- Contributed by
- Owen. D.Smithers
- People in story:
- Sgt.Hurbert Tuck
- Location of story:
- St.Valery,France 1940
- Background to story:
- Article ID:
- Contributed on:
- 11 February 2004
A STRANGE NEW WORLD
On the release of certain German documents after the war, it was revealed that there was an order made to the SS to move POW's closer to Large German Towns to stave off Aerial attacks as late as 1944? Fortunately for all of us, this order was never carried out. After the war, seeing pictures of the devastation inflicted on German Cities I felt there was some humanitarian thoughts in a person of some authority in the German Forces?
Freedom was so strange and very lonely. As a prisoner it didn't matter if you were from a rich or poor background since you were all on the same level and I missed the comradeship. Now I seem just to be a number again like so many others? Finally towards the close of 1945 I returned to civilian life permanently. It felt good to get back into a signal box again after a short refresher course. Mind you it was nice to be able to talk to a young English lady again although I was terribly shy, it had been far to long. Eventually I did pluck up courage and I did marry on 3rd April 1948 and we had a single child, a girl. I was signalman at Docking on the Kings Lynn Hunstanton line until December 1957 where I left railway employment to become the Landlord of the New Inn public house in Wisbech for 3 years. Then we moved to the Railway Inn Wisbech, remaining there for 5 years that my Wife ran during the day.
I returned once more to the Railway this time as day signalman at Horse Shoe Lane crossing on the GNR to Peterborough until the line was closed under the Beeching cuts and I was transferred to Wisbech Town Station as a Porter until that to was closed to Passenger traffic. I was then offered a post as Goods Guard working out of March Whitemore yard until my retirement in 1986.

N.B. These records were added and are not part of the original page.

Theorem corollary1 (F : finFieldType) (n k r x : nat)
    (hxr : (x <= r)%N) (hrnk : (r <= minn n k)%N) :
  let q := #|F| in
  (#|[set M : 'M[F]_(n, k) | (\rank M == r) && (x <= #|unit_rows_in M|)%N]|%:Q
     / #|[set M : 'M[F]_(n, k) | \rank M == r]|%:Q)
  = (gbin q k r)^-1 *
    \sum_(x <= i < r.+1)
      ('C(k, i)%:Q *
       \sum_(0 <= j < (k - i).+1)
         ((-1) ^+ j * 'C(k - i, j)%:Q
          * gbin q ((k - i - j)%:Z) (r%:Z - i%:Z - j%:Z))).
Proof.
move=> q; have /andP[rn rk] : (r <= n)%N && (r <= k)%N by rewrite -leq_min.
have by_row_space (P : pred {set 'I_k}) :
    #|[set M : 'M[F]_(n, k) | (\rank M == r) && P (unit_rows_in M)]| =
    (#|[set V in subspaces F k r | P (unit_rows_in V)]| *
     #|[set C : 'M[F]_(n, r) | row_full C]|)%N.
  rewrite -(card_mx_rank_row_space n r (fun V => P (unit_rows_in V))).
  by apply: eq_card => M; rewrite !inE unit_rows_in_genmx.
have -> : [set M : 'M[F]_(n, k) | \rank M == r] =
          [set M | (\rank M == r) && (set0 \subset unit_rows_in M)].
  by apply/setP => M; rewrite !inE sub0set andbT.
have full_gt0 : (0 < #|[set C : 'M[F]_(n, r) | row_full C]|)%N.
  by apply/card_gt0P; exists (pid_mx r); rewrite inE /row_full rank_pid_mx.
rewrite (by_row_space (fun U => x <= #|U|)%N) (by_row_space (fun U => set0 \subset U)).
rewrite -!pmulrn !natrM invfM mulrACA divff ?pnatr_eq0 -?lt0n // mulr1.
rewrite !pmulrn card_subspaces_unit_rows_geq // card_subspaces_unit_rows // cards0 subn0 subr0.
by rewrite mulrC.
Qed.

One began to backtrack on events, especially after you were told that Countries alienated against Hitler surrounded him, but the speed with which he over threw those Countries still holds me in awe.
Having said that, many of my comrades believed that the British and German soldier together would have made a great fighting machine given the right leader; it would have been a formidable force? What a blessing Hitler decided to attack Russia instead of us, we would never have stopped him? The force he created shook the World but it went to his head?

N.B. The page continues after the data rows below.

Lemma Re_op_form_shift x y c :
  Re (ip (A (x + c *: y)) (x + c *: y)) =
  Re (ip (A x) x) + 2 * (Re c * Re (ip (A x) y) + Im c * Im (ip (A x) y))
  + (Re c ^+ 2 + Im c ^+ 2) * Re (ip (A y) y).
Proof.
rewrite op_linearD // op_linearZ // !innerDl !innerZl !innerDr !innerZr.
rewrite (op_form_hermitian A_selfadjoint x y).
move: (ip (A x) x) (ip (A x) y) (ip (A y) y) => p w q.
by case: p => ? ?; case: w => ? ?; case: q => ? ?; case: c => ? ? /=; ring.
Qed.

Lemma polarization_Re x y :
  Re (ip (A x) y) = (Re (ip (A (x + y)) (x + y)) - Re (ip (A (x - y)) (x - y))) / 4.
Proof.
have := Re_op_form_shift x y 1; have := Re_op_form_shift x y (-1).
by rewrite scale1r scaleN1r ReN ImN /= => -> ->; lra.
Qed.

Lemma polarization_Im x y :
  Im (ip (A x) y) = (Re (ip (A (x + 'i%C *: y)) (x + 'i%C *: y))
                    - Re (ip (A (x - 'i%C *: y)) (x - 'i%C *: y))) / 4.
Proof.
have := Re_op_form_shift x y 'i%C; have := Re_op_form_shift x y (- 'i%C).
by rewrite scaleNr ReN ImN /= => -> ->; lra.
Qed.

End Polarization.

Lemma wot_sum_of_diag (A : nat -> H -> H) S :
  (forall j, op_linear (A j)) -> (forall j, op_selfadjoint (A j)) ->
  op_linear S -> op_selfadjoint S ->
  (forall v, (fun n => \sum_(0 <= j < n) Re (ip (A j v) v)) @ \oo --> Re (ip (S v) v)) ->
  wot_sum A S.
Proof.
move=> Alin Asa Slin Ssa diag x y; split.
- rewrite polarization_Re //.
  suff -> : (fun n => Re (\sum_(j < n) ip (A j x) y)) =
    (fun n => (\sum_(0 <= j < n) Re (ip (A j (x + y)) (x + y))
             - \sum_(0 <= j < n) Re (ip (A j (x - y)) (x - y))) / 4).
    by apply: cvgMr_tmp; apply: cvgB; exact: diag.
  apply: funext => n; rewrite Re_sum !big_mkord -sumrB mulr_suml.
  by apply: eq_bigr => j _; exact: polarization_Re.
- rewrite polarization_Im //.
  suff -> : (fun n => Im (\sum_(j < n) ip (A j x) y)) =
    (fun n => (\sum_(0 <= j < n) Re (ip (A j (x + 'i%C *: y)) (x + 'i%C *: y))
             - \sum_(0 <= j < n) Re (ip (A j (x - 'i%C *: y)) (x - 'i%C *: y))) / 4).
    by apply: cvgMr_tmp; apply: cvgB; exact: diag.
  apply: funext => n; rewrite Im_sum !big_mkord -sumrB mulr_suml.
  by apply: eq_bigr => j _; exact: polarization_Im.
Qed.

Section EffectSeries.
Variable M : nat -> H -> H.
Hypotheses (M_effect : forall n, is_effect (M n)) (M_sum1 : wot_sum M id).

Definition partial_sum (P : pred nat) (n : nat) (x : H) : H :=
  \sum_(0 <= k < n | P k) M k x.
Definition weight (v : H) (n : nat) : R := Re (ip (M n v) v).

Lemma weight_ge0 v n : 0 <= weight v n.
Proof. exact: ger0_Re (effect_ge0 (M_effect n) v). Qed.

Lemma inner_partial_sum P n x y :
  ip (partial_sum P n x) y = \sum_(0 <= k < n | P k) ip (M k x) y.
Proof. exact: inner_suml. Qed.

Lemma Re_partial_sum P n v :
  Re (ip (partial_sum P n v) v) = \sum_(0 <= k < n | P k) weight v k.
Proof. by rewrite inner_partial_sum Re_sum. Qed.

Lemma weight_series_cvg v :
  (fun n => \sum_(0 <= k < n) weight v k) @ \oo --> Re (ip v v).
Proof.
have [Re_cvg _] := M_sum1 v v.
suff -> : (fun n => \sum_(0 <= k < n) weight v k) =
          (fun n => Re (\sum_(k < n) ip (M k v) v)) by [].
by apply: funext => n; rewrite Re_sum big_mkord.
Qed.

Lemma weight_partial_le v n : \sum_(0 <= k < n) weight v k <= Re (ip v v).
Proof.
have wcvg : cvgn (fun n => \sum_(0 <= k < n) weight v k).
  by apply/cvg_ex; exists (Re (ip v v)); exact: (@weight_series_cvg v).
rewrite -(cvg_lim (@Rhausdorff R) (@weight_series_cvg v)).
apply: (nondecreasing_cvgn_le _ wcvg) => k m km.
rewrite (big_nat_split_ge (weight v) xpredT km) /= lerDl.
by apply: sumr_ge0 => i _; exact: weight_ge0.
Qed.

Lemma partial_sum_linear P n : op_linear (partial_sum P n).
Proof.
move=> a x y; rewrite /partial_sum scaler_sumr -big_split /=.
by apply: eq_bigr => k _; rewrite (effect_linear (M_effect k)).
Qed.

Lemma partial_sum_selfadjoint P n : op_selfadjoint (partial_sum P n).
Proof.
move=> x y; rewrite inner_partial_sum (inner_conj (partial_sum P n y) x).
rewrite inner_partial_sum rmorph_sum; apply: eq_bigr => k _.
by rewrite (effect_selfadjoint (M_effect k)) (inner_conj (M k y) x).
Qed.

Lemma partial_sum_ge0 P n : op_ge0 (partial_sum P n).
Proof.
by move=> x; rewrite inner_partial_sum; apply: sumr_ge0 => k _; exact: effect_ge0.
Qed.

Lemma partial_sum_le1 P n : op_le1 (partial_sum P n).
Proof.
move=> v; rewrite Re_partial_sum; apply: le_trans (weight_partial_le v n).
rewrite big_mkcond /=; apply: ler_sum => k _.
by case: (P k) => //; exact: weight_ge0.
Qed.

Lemma partial_sumB P m n x : (n <= m)%N ->
  partial_sum P m x - partial_sum P n x = partial_sum (fun k => (n <= k)%N && P k) m x.
Proof.
by move=> nm; rewrite /partial_sum (big_nat_split_ge _ _ nm) addrAC subrr add0r.
Qed.

Lemma Re_partial_sum_tail_le P m n v : (n <= m)%N ->
  Re (ip (partial_sum (fun k => (n <= k)%N && P k) m v) v) <=
  \sum_(0 <= k < m) weight v k - \sum_(0 <= k < n) weight v k.
Proof.
move=> nm; rewrite Re_partial_sum (big_nat_split_ge (weight v) xpredT nm).
rewrite addrAC subrr add0r [leLHS]big_mkcond [leRHS]big_mkcond /=.
apply: ler_sum => k _.
by case: (n <= k)%N; case: (P k) => //=; exact: weight_ge0.
Qed.

(* ||T x||^2 <= <T x, x> bounds the increments by tails of the series of weights. *)
Lemma partial_sum_cauchy P x eps : 0 < eps -> exists N, forall m n,
  (N <= m)%N -> (N <= n)%N -> hnorm (partial_sum P m x - partial_sum P n x) < eps.
Proof.
move=> eps0; have eps20 : 0 < eps ^+ 2 / 2 by rewrite divr_gt0 // exprn_gt0.
have /cvgrPdist_lt /(_ _ eps20) [N _ wN] := @weight_series_cvg x.
exists N => m n Nm Nn.
wlog nm : m n Nm Nn / (n <= m)%N.
  move=> W; case: (leqP n m) => [|/ltnW] nm; first exact: W.
  by rewrite /hnorm -opprB innerNl innerNr opprK; exact: W.
have sqrt_eps2 : Num.sqrt (eps ^+ 2) = eps by rewrite sqrtr_sqr ger0_norm // ltW.
rewrite partial_sumB // /hnorm -[ltRHS]sqrt_eps2 ltr_sqrt ?exprn_gt0 //.
apply: le_lt_trans (op_norm_sqr_le (partial_sum_linear _ _) (partial_sum_selfadjoint _ _)
  (partial_sum_ge0 _ _) (partial_sum_le1 _ _) x) _.
apply: le_lt_trans (Re_partial_sum_tail_le P x nm) _.
have := wN m Nm; have := wN n Nn => /=.
set L := Re (ip x x); set sm := \sum_(0 <= k < m) _; set sn := \sum_(0 <= k < n) _.
move=> dn dm; have snL : L - sn <= `|L - sn| := ler_norm _.
have smL : sm - L <= `|L - sm| by rewrite distrC; exact: ler_norm.
lra.
Qed.

(* The strong limit of the partial sums, which exists by completeness. *)
Definition subsum (P : pred nat) (x : H) : H :=
  xget 0 [set l : H | forall eps : R, 0 < eps -> exists N : nat, forall n : nat,
    (N <= n)%N -> hnorm (partial_sum P n x - l) < eps].

Lemma subsum_strong_cvg P x eps : 0 < eps -> exists N : nat, forall n : nat,
  (N <= n)%N -> hnorm (partial_sum P n x - subsum P x) < eps.
Proof.
move: eps.
have := @inner_complete R H (fun n => partial_sum P n x) (partial_sum_cauchy P x).
by move/(xgetPex 0).
Qed.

Whilst a great deal of attention was directed to the BEF evacuation from Dunkirk, to the navy's credit, both British and foreign, evacuation took place along the whole of the French coast long after the fall of Dunkirk but very little has been written about these evacuations? We ourselves were still very much in action twelve days after the fall of Dunkirk. It has always bothered me that we were just abandoned and that our fighting contribution was for nothing? Since many of the disasters in the first World war were caused by incompetent Generals, the peace after the 2nd World war was organised by politicians who gave in to Russian demands to allowed them to take Berlin. This was to prove a costly error?
Whatever alarming news came out of the media I always try to understand the others point of view. I still believe we have the greatest Country in the World. I'm not ashamed to say that. The first time I saw the British flag fluttering in the breeze on my return to England my eyes filled. Although we won the war, did we win the peace? Most of our ex enemies seem to be better off than we were. Rationing continued in Britain far longer than it did in Germany. Although I no longer hold malice against the majority of Germans, there were some who were just evil monsters.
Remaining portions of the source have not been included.